Saved entries:
(* Holds only in the degenerate case (2 colours, no edges), where every edge
   of the recolouring graph is a single-vertex recolouring. *)
Definition triangle_free_at := all (fun d => ~~ common_nb c0 d) (g c0).

Definition single_edge d f := triangle_free_at || common_nb d f.

Definition single_nbs := [seq d <- g c0 | single_edge c0 d].

Definition same_vertex d d' := (d == d') || (d' \in g d).

Definition vertex_rep d := nth d single_nbs (find (same_vertex d) single_nbs).

Definition vertex_reps := undup (map vertex_rep single_nbs).

Definition reps_adj u w :=
  has (fun d1 => same_vertex u d1 && has (fun d2 => same_vertex w d2 &&
     all (fun f => (f == c0) || (f \notin g d2) ||
                   ~~ (single_edge d1 f && single_edge d2 f)) (g d1))
    single_nbs) single_nbs.

Definition decoded_rel : rel 'I_(size vertex_reps) :=
  fun p q => (p != q) && reps_adj (nth c0 vertex_reps p) (nth c0 vertex_reps q).

End Decode.

Arguments decoded_rel {V} g c0.

Definition decode_proc (V : eqType) (c0 : V) : proc V :=
  Ask c0 (fun L => ask_all L (fun A => ask_all (flatten A) (fun A2 =>
    let g := lookup (c0 :: L ++ flatten A) (L :: A ++ A2) in
    Out V (decoded_rel g c0)))).

Section Kempe.
Variables (T : finType) (e : rel T) (k : nat).
Hypotheses (esym : symmetric e) (eirr : irreflexive e).
Implicit Types (c : {ffun T -> 'I_k}) (i j : 'I_k) (x y : T).

Notation col := (colouring e k).

Lemma edge_neq x y : e x y -> y != x.
Proof. by apply: contraTneq => ->; rewrite eirr. Qed.

Definition kempe_rel c i j : rel T :=
  fun u w => [&& e u w, c u \in [:: i; j] & c w \in [:: i; j]].

Lemma kempe_rel_sym c i j : symmetric (kempe_rel c i j).
Proof. by move=> u w; rewrite /kempe_rel esym; congr (_ && _); apply: andbC. Qed.

Lemma kempe_compE c i j x y : kempe_comp e c i j x y =
  [&& c x \in [:: i; j], c y \in [:: i; j] & connect (kempe_rel c i j) x y].
Proof. by []. Qed.

Lemma kempe_comp_mem c i j x y : kempe_comp e c i j x y -> c y \in [:: i; j].
Proof. by rewrite kempe_compE => /and3P[]. Qed.

Lemma kempe_comp_refl c i j x : c x \in [:: i; j] -> kempe_comp e c i j x x.
Proof. by move=> h; rewrite kempe_compE h connect0. Qed.

Lemma kempe_comp_connect c i j x y z :
  kempe_comp e c i j x y -> kempe_comp e c i j x z -> connect (kempe_rel c i j) y z.
Proof.
rewrite !kempe_compE => /and3P[_ _ cxy] /and3P[_ _ cxz].
by apply: connect_trans cxz; rewrite (sym_connect_sym (@kempe_rel_sym c i j)).
Qed.

Lemma kempe_comp_closed c i j x y z :
  kempe_comp e c i j x y -> connect (kempe_rel c i j) y z -> kempe_comp e c i j x z.
Proof.
rewrite !kempe_compE => /and3P[cx cy cxy] cyz.
rewrite cx (connect_trans cxy cyz) andbT /=.
have czy : connect (kempe_rel c i j) z y.
  by rewrite (sym_connect_sym (@kempe_rel_sym c i j)).
case: (eqVneq y z) => [<-//|yz].
by have [w /and3P[]] := connect_first_step czy yz.
Qed.

Lemma kempe_comp_edge c i j x0 x y :
  kempe_comp e c i j x0 x -> kempe_comp e c i j x0 y -> y != x ->
  exists2 w, kempe_comp e c i j x0 w & e x w.
Proof.
move=> hx hy yx; have [w xw] := connect_first_step (kempe_comp_connect hx hy) yx.
by exists w; [exact: kempe_comp_closed hx (connect1 xw) | case/and3P: xw].
Qed.

Lemma eq_kempe_comp c c' i j i' j' x :
  (forall u, (c' u \in [:: i'; j']) = (c u \in [:: i; j])) ->
  kempe_comp e c' i' j' x =1 kempe_comp e c i j x.
Proof.
move=> mem y; rewrite !kempe_compE !mem; congr [&& _, _ & _].
by apply: eq_connect => u w; rewrite /kempe_rel !mem.
Qed.

Lemma kempe_swapE c i j x y : kempe_swap e c i j x y =
  if kempe_comp e c i j x y then (if c y == i then j else i) else c y.
Proof. by rewrite ffunE. Qed.

Lemma kempe_swap_mem c i j x y :
  kempe_comp e c i j x y -> kempe_swap e c i j x y \in [:: i; j].
Proof. by rewrite kempe_swapE => ->; case: ifP; rewrite !inE eqxx ?orbT. Qed.

Lemma kempe_swap_neq c i j x y :
  i != j -> kempe_comp e c i j x y -> kempe_swap e c i j x y != c y.
Proof.
move=> ij h; rewrite kempe_swapE h; move/kempe_comp_mem: h.
case: ifP => [/eqP->|]; first by rewrite eq_sym.
by rewrite !inE => /negbT/negbTE-> /= /eqP->.
Qed.

Lemma kempe_swap_out c i j x y :
  ~~ kempe_comp e c i j x y -> kempe_swap e c i j x y = c y.
Proof. by rewrite kempe_swapE => /negbTE->. Qed.

Lemma kempe_swapC c i j x : kempe_swap e c i j x = kempe_swap e c j i x.
Proof.
have mem u : (c u \in [:: j; i]) = (c u \in [:: i; j]) by rewrite !inE orbC.
apply/ffunP => y; rewrite !kempe_swapE (eq_kempe_comp x mem).
case h: (kempe_comp e c i j x y) => //; move/kempe_comp_mem: h.
by rewrite !inE => /orP[]/eqP->; rewrite eqxx; case: eqVneq => // ->.
Qed.

Lemma kempe_swap_id c x : kempe_swap e c (c x) (c x) x = c.
Proof.
apply/ffunP => y; rewrite kempe_swapE.
case h: (kempe_comp e c (c x) (c x) x y) => //.
by move/kempe_comp_mem: h; rewrite !inE orbb => /eqP->; rewrite eqxx.
Qed.

Lemma properP c : reflect (forall x y, e x y -> c x != c y) (Defs.proper e c).
Proof.
apply: (iffP forallP) => [H x y exy | H x].
  by move/forallP: (H x) => /(_ y); rewrite exy.
by apply/forallP => y; apply/implyP; exact: H.
Qed.

Lemma colouring_neq (c : col) x y : e x y -> val c x != val c y.
Proof. exact: (properP _ (valP c)). Qed.

Lemma colouring_ext (c d : col) : (forall y, val c y = val d y) -> c = d.
Proof. by move=> h; apply: val_inj; apply/ffunP. Qed.

Lemma kempe_adj_swap (c d : col) : kempe_adj c d -> c != d /\ exists i j x0,
  [/\ i != j, val c x0 \in [:: i; j] & val d = kempe_swap e (val c) i j x0].
Proof.
case/andP=> cd /existsP[i /existsP[j /existsP[x /and3P[ij cx /eqP dE]]]].
by split => //; exists i, j, x.
Qed.

Section KempeChange.
Variables (c d : col) (i j : 'I_k) (x0 : T).
Hypotheses (ij : i != j) (dE : val d = kempe_swap e (val c) i j x0).

Lemma kempe_change_support y : (val d y != val c y) = kempe_comp e (val c) i j x0 y.
Proof.
case h: kempe_comp; first by rewrite dE kempe_swap_neq.
by rewrite dE kempe_swap_out ?h ?eqxx.
Qed.

Lemma kempe_change_out y : ~~ kempe_comp e (val c) i j x0 y -> val d y = val c y.
Proof. by rewrite dE => /kempe_swap_out. Qed.

Lemma kempe_change_mem u : (val d u \in [:: i; j]) = (val c u \in [:: i; j]).
Proof.
case h: (kempe_comp e (val c) i j x0 u); last by rewrite dE kempe_swap_out ?h.
by rewrite dE kempe_swap_mem // (kempe_comp_mem h).
Qed.

Lemma kempe_change_neq_mem y : val d y != val c y ->
  (val c y \in [:: i; j]) && (val d y \in [:: i; j]).
Proof. by rewrite kempe_change_support kempe_change_mem => /kempe_comp_mem->. Qed.

Lemma kempe_change_sym : val c = kempe_swap e (val d) i j x0.
Proof.
have compE := eq_kempe_comp x0 kempe_change_mem.
apply/ffunP => y; case h: (kempe_comp e (val c) i j x0 y); last first.
  by rewrite kempe_swap_out ?compE ?h // dE kempe_swap_out ?h.
have dy : val d y != val c y by rewrite kempe_change_support.
apply: (@mem_seq2_other _ i j (val d y)).
- by rewrite kempe_change_mem (kempe_comp_mem h).
- by apply: kempe_swap_mem; rewrite compE.
- exact: kempe_comp_mem h.
- by apply: kempe_swap_neq; rewrite ?compE.
- by rewrite eq_sym.
Qed.

End KempeChange.

Lemma kempe_adj_sym (c d : col) : kempe_adj c d -> kempe_adj d c.
Proof.
move=> /kempe_adj_swap[cd [i [j [x0 [ij cx dE]]]]].
apply/andP; split; first by rewrite eq_sym.
apply/existsP; exists i; apply/existsP; exists j; apply/existsP; exists x0.
by rewrite ij (kempe_change_mem dE) cx (kempe_change_sym ij dE) eqxx.
Qed.

Definition single_move (c d : col) x :=
  (forall y, y != x -> val d y = val c y) /\ val d x != val c x.

Definition single_moveb (c d : col) x :=
  [forall y, (y != x) ==> (val d y == val c y)] && (val d x != val c x).

Lemma single_moveP (c d : col) x : reflect (single_move c d x) (single_moveb c d x).
Proof.
apply: (iffP andP) => [[/forallP H nx]|[H nx]]; split => //.
  by move=> y yx; apply/eqP; move: (H y); rewrite yx.
by apply/forallP => y; apply/implyP => yx; rewrite H.
Qed.

Definition is_single_move (c d : col) := [exists x, single_moveb c d x].

Lemma is_single_moveP (c d : col) :
  reflect (exists x, single_move c d x) (is_single_move c d).
Proof.
by apply: (iffP existsP) => -[x /single_moveP sm]; exists x => //; exact/single_moveP.
Qed.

■ What you will do
Copy each line of the records above that carries the word "have".

■ Finished task
have czy : connect (kempe_rel c i j) z y.
by have [w /and3P[]] := connect_first_step czy yz.
move=> hx hy yx; have [w xw] := connect_first_step (kempe_comp_connect hx hy) yx.
have mem u : (c u \in [:: j; i]) = (c u \in [:: i; j]) by rewrite !inE orbC.
have compE := eq_kempe_comp x0 kempe_change_mem.
have dy : val d y != val c y by rewrite kempe_change_support.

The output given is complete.